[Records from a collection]
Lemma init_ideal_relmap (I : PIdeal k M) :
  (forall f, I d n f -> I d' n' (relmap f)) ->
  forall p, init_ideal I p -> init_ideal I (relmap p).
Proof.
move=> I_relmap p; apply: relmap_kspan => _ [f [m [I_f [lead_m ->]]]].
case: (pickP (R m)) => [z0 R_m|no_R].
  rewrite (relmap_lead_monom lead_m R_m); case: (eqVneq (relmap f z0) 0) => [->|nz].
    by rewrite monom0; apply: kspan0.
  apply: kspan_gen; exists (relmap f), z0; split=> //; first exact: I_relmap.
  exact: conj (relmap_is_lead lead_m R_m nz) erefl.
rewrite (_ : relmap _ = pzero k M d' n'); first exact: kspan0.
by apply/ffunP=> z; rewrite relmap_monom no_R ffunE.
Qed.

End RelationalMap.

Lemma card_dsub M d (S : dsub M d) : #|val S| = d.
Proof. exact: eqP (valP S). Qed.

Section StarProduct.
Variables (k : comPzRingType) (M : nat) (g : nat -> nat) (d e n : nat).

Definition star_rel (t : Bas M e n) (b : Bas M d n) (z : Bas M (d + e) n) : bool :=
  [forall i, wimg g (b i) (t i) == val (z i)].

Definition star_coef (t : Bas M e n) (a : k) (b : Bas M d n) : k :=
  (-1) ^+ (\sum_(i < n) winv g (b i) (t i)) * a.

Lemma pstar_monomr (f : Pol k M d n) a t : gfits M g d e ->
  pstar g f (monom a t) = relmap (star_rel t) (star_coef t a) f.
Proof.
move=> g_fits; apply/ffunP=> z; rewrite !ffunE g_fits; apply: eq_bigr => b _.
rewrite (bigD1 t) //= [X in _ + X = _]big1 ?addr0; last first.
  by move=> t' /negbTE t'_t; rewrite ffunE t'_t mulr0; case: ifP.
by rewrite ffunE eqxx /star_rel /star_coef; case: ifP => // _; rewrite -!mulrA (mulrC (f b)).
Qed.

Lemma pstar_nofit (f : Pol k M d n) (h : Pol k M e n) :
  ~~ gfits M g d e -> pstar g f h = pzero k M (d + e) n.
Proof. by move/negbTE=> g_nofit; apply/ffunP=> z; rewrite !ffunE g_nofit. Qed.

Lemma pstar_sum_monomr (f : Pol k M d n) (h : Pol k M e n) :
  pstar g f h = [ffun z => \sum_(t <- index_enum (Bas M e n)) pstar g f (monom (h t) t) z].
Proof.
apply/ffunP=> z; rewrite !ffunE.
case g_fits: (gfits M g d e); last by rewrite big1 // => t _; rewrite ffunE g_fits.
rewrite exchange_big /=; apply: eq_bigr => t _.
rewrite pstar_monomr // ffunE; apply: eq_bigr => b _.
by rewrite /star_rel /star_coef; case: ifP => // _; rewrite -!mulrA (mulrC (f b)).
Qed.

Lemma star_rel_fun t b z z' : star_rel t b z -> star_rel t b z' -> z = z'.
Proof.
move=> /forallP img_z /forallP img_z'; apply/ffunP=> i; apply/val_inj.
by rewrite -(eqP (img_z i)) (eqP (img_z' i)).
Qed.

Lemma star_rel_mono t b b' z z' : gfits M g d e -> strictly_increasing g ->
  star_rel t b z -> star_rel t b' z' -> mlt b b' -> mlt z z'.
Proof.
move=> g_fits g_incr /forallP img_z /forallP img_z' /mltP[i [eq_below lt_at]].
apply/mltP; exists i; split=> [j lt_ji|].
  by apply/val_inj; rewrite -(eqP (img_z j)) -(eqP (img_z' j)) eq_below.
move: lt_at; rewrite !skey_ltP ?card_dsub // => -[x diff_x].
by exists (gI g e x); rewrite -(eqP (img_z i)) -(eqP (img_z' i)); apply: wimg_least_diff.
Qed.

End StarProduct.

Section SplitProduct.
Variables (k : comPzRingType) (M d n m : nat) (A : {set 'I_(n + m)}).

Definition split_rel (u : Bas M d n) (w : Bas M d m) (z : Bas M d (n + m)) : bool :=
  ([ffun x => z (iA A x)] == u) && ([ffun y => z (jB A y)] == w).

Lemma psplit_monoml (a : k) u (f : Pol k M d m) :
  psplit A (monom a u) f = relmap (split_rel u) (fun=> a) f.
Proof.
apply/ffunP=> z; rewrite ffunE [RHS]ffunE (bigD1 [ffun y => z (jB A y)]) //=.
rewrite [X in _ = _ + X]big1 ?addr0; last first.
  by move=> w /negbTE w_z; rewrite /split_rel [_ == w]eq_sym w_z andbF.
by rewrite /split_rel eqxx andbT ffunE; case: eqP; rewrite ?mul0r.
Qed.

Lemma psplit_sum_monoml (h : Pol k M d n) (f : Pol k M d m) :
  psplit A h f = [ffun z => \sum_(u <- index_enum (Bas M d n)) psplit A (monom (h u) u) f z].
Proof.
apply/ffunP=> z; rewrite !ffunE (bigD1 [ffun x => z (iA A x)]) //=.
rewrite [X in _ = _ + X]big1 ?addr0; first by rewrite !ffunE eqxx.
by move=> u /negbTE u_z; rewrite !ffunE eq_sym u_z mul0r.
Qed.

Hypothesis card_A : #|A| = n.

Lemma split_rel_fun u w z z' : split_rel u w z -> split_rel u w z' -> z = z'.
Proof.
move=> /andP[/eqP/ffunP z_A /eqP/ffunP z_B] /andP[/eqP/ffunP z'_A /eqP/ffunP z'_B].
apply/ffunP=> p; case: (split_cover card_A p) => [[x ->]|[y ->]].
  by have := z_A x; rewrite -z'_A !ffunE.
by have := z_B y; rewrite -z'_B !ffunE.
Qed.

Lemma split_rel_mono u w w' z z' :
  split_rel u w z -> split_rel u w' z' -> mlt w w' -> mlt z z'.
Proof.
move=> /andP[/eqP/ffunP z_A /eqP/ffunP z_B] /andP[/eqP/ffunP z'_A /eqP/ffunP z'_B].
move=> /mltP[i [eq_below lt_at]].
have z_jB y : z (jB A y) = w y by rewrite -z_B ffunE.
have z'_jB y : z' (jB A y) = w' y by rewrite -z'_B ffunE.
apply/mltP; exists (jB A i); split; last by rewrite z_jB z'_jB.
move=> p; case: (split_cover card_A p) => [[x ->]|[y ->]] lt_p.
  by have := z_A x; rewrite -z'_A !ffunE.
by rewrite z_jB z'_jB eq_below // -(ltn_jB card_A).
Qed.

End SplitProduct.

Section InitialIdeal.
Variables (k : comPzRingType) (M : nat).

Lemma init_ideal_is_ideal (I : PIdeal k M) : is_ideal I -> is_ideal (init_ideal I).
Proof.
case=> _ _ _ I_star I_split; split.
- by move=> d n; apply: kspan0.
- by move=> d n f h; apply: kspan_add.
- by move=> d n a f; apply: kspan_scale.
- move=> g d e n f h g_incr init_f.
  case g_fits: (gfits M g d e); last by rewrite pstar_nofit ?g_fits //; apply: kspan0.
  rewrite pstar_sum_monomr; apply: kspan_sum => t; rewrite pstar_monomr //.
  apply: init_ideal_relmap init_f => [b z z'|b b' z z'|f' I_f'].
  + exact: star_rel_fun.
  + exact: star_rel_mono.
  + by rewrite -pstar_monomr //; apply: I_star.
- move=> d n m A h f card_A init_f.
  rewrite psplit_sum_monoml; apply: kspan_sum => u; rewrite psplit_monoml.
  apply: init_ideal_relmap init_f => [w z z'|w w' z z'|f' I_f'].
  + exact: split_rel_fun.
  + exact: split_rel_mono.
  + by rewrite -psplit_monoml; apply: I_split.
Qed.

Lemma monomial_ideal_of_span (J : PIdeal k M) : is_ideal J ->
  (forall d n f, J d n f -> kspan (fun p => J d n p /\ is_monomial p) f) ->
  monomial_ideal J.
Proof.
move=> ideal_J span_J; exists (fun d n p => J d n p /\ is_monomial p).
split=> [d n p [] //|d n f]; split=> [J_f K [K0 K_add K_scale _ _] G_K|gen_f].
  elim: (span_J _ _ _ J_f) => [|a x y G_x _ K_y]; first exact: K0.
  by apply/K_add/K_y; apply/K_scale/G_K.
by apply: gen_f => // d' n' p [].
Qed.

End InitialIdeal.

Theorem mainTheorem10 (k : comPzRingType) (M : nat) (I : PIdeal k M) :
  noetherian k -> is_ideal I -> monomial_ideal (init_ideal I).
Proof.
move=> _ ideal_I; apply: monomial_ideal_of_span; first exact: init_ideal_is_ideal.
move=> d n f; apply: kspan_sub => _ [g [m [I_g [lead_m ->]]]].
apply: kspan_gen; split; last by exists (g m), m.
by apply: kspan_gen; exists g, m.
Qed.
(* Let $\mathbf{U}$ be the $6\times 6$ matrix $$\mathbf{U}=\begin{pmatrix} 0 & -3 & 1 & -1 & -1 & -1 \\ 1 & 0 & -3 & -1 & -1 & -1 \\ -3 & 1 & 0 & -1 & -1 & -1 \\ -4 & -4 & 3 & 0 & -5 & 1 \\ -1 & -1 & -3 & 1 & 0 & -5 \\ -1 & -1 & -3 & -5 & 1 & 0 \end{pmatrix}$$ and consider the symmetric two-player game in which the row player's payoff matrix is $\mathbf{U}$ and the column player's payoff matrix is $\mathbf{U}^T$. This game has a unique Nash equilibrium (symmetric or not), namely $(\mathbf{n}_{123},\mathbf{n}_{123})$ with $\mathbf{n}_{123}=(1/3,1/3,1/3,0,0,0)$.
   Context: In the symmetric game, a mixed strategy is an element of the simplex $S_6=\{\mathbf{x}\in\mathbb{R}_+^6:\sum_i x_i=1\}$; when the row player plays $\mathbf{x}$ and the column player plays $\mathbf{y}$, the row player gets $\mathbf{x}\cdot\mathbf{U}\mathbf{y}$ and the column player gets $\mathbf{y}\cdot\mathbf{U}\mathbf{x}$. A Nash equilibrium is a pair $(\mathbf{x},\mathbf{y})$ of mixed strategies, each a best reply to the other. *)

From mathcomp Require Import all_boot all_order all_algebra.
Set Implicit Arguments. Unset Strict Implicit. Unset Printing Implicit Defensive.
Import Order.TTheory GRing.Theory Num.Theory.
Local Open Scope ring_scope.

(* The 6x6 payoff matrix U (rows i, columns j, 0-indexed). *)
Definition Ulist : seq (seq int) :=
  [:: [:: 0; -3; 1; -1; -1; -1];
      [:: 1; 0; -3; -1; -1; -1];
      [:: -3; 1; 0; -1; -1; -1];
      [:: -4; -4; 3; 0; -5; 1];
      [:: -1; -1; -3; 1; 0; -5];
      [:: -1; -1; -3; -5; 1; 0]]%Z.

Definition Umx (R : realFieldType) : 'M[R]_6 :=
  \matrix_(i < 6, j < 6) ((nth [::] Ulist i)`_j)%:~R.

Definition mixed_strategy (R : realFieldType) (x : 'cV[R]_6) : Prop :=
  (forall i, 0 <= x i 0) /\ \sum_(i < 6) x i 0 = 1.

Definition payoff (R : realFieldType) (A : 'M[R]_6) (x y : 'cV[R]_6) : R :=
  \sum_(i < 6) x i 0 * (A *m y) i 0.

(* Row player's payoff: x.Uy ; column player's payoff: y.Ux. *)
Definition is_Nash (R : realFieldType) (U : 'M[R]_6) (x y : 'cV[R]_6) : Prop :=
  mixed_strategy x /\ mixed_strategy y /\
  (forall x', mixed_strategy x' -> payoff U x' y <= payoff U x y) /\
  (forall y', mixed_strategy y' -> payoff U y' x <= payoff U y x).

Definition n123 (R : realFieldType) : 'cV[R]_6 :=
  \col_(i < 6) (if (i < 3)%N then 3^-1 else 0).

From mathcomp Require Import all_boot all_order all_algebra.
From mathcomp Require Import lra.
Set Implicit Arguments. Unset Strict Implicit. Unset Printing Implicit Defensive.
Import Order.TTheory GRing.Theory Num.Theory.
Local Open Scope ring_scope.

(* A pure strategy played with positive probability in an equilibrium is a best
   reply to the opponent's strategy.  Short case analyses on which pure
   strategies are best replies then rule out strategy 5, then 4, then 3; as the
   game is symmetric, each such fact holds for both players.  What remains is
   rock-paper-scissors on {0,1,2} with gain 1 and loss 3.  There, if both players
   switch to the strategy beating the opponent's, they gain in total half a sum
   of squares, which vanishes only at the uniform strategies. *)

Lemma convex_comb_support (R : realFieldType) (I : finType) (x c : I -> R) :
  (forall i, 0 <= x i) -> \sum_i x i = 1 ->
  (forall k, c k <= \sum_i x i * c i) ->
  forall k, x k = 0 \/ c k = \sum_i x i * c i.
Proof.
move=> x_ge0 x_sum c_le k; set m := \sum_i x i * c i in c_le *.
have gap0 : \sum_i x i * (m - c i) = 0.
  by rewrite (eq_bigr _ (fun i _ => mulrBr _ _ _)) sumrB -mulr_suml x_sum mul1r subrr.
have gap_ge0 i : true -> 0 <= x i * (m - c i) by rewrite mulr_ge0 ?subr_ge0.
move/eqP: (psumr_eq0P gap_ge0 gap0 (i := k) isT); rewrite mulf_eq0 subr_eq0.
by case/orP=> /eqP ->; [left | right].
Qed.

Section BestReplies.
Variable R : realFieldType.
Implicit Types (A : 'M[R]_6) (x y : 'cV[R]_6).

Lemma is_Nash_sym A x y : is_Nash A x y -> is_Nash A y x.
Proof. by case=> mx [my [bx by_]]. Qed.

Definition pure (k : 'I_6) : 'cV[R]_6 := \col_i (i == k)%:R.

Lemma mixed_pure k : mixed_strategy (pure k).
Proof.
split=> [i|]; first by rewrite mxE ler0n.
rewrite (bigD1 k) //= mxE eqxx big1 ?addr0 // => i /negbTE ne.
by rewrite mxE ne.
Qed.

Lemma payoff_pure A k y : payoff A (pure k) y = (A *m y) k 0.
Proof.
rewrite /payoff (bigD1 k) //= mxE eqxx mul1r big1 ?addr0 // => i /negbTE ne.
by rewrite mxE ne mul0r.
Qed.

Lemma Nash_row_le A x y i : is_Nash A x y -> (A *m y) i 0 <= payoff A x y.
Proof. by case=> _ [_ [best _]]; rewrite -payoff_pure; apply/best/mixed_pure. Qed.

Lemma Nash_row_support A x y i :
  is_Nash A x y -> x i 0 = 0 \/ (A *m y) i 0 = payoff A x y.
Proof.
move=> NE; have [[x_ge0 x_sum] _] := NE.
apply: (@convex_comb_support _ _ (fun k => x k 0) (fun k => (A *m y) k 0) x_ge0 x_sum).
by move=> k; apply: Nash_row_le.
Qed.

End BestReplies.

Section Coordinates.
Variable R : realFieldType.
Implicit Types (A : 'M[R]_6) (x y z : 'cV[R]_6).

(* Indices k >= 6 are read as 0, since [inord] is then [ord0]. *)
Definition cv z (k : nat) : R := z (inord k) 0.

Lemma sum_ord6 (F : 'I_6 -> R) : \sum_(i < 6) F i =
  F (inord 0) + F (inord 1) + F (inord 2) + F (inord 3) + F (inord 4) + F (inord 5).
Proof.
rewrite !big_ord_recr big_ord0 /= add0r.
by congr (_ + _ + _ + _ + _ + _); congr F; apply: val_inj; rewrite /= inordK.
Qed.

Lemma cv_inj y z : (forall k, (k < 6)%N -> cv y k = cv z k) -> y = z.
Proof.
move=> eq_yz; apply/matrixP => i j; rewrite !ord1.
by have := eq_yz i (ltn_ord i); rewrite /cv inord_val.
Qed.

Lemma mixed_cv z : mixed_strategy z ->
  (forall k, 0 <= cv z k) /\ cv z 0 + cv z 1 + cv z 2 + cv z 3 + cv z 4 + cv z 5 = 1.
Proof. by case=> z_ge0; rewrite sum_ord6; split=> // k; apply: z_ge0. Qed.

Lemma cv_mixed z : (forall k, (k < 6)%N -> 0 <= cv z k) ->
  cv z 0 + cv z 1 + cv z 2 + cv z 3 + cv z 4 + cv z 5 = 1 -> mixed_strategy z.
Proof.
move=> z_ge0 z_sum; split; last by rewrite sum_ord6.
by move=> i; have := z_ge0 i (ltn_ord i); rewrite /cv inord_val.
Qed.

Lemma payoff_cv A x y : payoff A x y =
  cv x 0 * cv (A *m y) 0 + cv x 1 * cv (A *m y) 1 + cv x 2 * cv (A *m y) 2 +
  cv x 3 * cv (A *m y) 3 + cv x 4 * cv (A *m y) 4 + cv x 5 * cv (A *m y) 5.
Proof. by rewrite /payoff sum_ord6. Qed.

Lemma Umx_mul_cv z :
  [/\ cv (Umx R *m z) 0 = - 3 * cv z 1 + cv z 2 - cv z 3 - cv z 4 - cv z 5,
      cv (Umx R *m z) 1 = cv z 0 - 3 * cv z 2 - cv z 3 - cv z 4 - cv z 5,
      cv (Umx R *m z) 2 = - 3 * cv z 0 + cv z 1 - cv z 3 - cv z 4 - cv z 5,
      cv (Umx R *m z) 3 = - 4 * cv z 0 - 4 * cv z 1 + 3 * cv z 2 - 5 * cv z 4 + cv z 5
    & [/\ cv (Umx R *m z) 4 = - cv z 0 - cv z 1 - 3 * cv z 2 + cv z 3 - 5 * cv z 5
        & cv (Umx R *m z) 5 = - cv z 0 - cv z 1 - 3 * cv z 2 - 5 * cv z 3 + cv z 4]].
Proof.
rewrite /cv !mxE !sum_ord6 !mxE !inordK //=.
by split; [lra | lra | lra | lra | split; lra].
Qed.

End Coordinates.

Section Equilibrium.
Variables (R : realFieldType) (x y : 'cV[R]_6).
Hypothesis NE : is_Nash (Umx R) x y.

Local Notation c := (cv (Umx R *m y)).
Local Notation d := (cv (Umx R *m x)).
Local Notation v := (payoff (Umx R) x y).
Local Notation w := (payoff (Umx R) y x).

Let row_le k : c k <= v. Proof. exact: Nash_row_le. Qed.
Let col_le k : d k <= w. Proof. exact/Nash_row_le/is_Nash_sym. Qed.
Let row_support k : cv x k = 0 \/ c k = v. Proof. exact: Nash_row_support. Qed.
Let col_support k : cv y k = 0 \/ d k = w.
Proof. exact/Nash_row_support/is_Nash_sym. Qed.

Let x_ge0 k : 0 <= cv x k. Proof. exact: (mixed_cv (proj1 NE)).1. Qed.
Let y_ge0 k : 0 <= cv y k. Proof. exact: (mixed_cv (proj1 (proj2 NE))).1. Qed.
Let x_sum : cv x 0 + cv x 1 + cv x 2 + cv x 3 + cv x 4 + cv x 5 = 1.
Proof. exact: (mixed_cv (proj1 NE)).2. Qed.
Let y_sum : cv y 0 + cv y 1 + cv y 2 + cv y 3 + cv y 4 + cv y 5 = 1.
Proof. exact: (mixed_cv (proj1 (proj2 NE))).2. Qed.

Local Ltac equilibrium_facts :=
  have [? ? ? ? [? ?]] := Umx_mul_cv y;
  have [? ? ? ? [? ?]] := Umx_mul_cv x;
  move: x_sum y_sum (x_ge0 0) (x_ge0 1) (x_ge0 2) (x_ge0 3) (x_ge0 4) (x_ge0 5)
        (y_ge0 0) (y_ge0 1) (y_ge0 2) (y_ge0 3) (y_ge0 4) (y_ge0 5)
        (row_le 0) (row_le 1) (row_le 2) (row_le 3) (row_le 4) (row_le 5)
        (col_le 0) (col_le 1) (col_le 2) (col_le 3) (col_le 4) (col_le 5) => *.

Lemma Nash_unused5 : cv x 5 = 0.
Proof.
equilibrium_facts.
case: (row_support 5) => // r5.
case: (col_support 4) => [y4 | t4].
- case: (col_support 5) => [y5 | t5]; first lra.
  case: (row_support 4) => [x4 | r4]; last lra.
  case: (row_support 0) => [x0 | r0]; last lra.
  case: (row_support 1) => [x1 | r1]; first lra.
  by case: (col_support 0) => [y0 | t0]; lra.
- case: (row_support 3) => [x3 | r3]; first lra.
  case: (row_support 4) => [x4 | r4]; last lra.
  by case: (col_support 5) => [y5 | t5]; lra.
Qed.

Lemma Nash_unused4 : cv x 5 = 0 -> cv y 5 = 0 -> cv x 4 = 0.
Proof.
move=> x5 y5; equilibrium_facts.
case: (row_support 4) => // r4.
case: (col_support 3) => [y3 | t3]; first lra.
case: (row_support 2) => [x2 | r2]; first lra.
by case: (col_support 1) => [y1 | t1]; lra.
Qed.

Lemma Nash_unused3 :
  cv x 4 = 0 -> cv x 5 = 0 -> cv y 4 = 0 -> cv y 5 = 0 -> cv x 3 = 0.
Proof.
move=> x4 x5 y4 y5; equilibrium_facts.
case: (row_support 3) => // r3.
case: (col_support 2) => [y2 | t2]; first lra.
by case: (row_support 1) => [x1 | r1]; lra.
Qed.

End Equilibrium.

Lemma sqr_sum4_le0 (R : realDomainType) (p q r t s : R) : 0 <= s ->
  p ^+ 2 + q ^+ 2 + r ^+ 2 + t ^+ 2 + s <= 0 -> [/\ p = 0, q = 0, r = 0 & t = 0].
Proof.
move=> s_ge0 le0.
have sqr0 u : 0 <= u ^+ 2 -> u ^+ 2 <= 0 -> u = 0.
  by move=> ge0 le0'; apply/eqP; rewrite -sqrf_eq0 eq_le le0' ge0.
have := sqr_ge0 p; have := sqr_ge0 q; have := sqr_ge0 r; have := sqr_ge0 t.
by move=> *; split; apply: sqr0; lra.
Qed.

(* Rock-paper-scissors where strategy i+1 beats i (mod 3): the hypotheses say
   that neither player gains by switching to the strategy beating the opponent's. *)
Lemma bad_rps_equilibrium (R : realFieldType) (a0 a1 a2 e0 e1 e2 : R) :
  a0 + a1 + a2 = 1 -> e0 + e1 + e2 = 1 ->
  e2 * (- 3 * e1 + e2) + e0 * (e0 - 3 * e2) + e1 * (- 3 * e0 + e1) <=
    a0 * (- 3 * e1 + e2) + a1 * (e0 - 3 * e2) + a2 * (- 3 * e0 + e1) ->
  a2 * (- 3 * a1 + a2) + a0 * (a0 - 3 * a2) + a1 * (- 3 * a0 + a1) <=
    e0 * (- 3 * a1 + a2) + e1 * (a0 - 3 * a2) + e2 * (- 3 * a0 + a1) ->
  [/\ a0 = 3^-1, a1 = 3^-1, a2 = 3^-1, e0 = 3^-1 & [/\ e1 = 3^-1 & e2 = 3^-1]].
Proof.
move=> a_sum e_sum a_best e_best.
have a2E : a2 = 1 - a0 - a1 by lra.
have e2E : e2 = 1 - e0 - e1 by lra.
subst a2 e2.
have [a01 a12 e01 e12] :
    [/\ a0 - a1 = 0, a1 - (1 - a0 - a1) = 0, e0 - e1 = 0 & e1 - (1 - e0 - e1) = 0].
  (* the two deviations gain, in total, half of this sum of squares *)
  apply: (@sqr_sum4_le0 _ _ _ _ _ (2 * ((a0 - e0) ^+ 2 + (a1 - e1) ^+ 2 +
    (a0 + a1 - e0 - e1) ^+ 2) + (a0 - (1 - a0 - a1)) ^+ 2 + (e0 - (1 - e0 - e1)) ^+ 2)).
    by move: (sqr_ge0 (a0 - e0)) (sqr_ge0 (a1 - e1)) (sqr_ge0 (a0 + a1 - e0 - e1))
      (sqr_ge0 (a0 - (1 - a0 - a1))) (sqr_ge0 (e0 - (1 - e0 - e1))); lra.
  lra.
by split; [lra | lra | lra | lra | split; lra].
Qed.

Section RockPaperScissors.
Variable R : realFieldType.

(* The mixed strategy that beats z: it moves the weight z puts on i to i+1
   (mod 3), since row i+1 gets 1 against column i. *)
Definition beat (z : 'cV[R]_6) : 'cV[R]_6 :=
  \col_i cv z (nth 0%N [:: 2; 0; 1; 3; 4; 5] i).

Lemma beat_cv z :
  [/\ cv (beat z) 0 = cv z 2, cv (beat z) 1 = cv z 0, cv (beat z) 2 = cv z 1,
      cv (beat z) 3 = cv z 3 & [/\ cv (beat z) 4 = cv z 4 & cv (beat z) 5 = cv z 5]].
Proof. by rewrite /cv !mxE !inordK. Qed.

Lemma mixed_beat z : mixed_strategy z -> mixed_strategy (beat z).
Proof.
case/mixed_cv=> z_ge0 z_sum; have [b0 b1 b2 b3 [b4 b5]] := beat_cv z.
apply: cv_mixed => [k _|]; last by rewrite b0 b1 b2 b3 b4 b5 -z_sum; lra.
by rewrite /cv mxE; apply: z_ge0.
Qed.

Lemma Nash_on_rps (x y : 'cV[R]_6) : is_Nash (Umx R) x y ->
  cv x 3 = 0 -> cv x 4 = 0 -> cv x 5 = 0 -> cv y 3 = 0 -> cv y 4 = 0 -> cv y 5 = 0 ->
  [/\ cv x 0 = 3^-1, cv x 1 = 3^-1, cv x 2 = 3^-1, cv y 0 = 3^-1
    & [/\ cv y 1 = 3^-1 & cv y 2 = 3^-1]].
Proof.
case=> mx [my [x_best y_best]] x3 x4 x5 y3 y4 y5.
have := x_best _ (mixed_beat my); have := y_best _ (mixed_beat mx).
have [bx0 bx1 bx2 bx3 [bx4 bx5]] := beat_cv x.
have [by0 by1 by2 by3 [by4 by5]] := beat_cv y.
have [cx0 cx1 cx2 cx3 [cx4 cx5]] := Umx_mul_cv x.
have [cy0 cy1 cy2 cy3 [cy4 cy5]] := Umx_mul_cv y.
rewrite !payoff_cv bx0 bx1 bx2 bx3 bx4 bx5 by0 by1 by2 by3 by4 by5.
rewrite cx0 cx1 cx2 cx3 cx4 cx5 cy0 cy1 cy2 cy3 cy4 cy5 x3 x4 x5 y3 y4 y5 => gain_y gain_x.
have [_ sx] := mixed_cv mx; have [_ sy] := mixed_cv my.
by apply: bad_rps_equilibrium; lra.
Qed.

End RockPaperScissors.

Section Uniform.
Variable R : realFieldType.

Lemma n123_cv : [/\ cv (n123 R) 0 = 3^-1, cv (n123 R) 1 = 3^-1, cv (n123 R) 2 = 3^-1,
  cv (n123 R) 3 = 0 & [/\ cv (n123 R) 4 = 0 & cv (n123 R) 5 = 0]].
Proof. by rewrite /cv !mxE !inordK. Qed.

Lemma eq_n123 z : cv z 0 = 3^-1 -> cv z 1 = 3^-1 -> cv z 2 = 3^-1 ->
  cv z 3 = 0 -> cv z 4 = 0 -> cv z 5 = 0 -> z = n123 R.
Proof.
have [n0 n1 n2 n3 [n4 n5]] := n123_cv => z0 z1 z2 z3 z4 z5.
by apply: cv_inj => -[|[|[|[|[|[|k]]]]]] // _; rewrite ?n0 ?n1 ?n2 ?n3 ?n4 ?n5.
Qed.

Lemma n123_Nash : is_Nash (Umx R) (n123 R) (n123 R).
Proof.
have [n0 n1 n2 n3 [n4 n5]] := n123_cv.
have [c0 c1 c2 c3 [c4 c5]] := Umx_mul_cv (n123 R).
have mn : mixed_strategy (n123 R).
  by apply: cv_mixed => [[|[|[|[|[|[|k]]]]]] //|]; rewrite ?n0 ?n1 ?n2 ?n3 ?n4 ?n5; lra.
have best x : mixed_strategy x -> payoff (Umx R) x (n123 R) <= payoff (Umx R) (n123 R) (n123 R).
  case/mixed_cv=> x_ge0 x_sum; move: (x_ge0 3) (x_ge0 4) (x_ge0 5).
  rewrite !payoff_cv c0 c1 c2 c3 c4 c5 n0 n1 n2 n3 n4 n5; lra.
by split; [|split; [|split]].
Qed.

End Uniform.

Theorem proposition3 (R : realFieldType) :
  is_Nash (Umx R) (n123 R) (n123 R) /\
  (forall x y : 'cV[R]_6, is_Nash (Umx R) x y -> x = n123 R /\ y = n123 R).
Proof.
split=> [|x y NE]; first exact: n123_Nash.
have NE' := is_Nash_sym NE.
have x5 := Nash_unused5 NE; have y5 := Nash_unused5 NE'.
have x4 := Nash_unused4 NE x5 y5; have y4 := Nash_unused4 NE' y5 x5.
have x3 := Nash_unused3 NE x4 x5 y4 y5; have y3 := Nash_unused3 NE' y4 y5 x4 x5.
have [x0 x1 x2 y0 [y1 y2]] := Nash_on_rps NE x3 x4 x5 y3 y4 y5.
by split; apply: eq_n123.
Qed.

> EXERCISE DESCRIPTION:
What is needed is a word-for-word copy of the records above, from the first line through the line that contains "rewrite (relmap_lead_monom lead_m".

> WRITTEN ANSWER:
Lemma init_ideal_relmap (I : PIdeal k M) :
  (forall f, I d n f -> I d' n' (relmap f)) ->
  forall p, init_ideal I p -> init_ideal I (relmap p).
Proof.
move=> I_relmap p; apply: relmap_kspan => _ [f [m [I_f [lead_m ->]]]].
case: (pickP (R m)) => [z0 R_m|no_R].
  rewrite (relmap_lead_monom lead_m R_m); case: (eqVneq (relmap f z0) 0) => [->|nz].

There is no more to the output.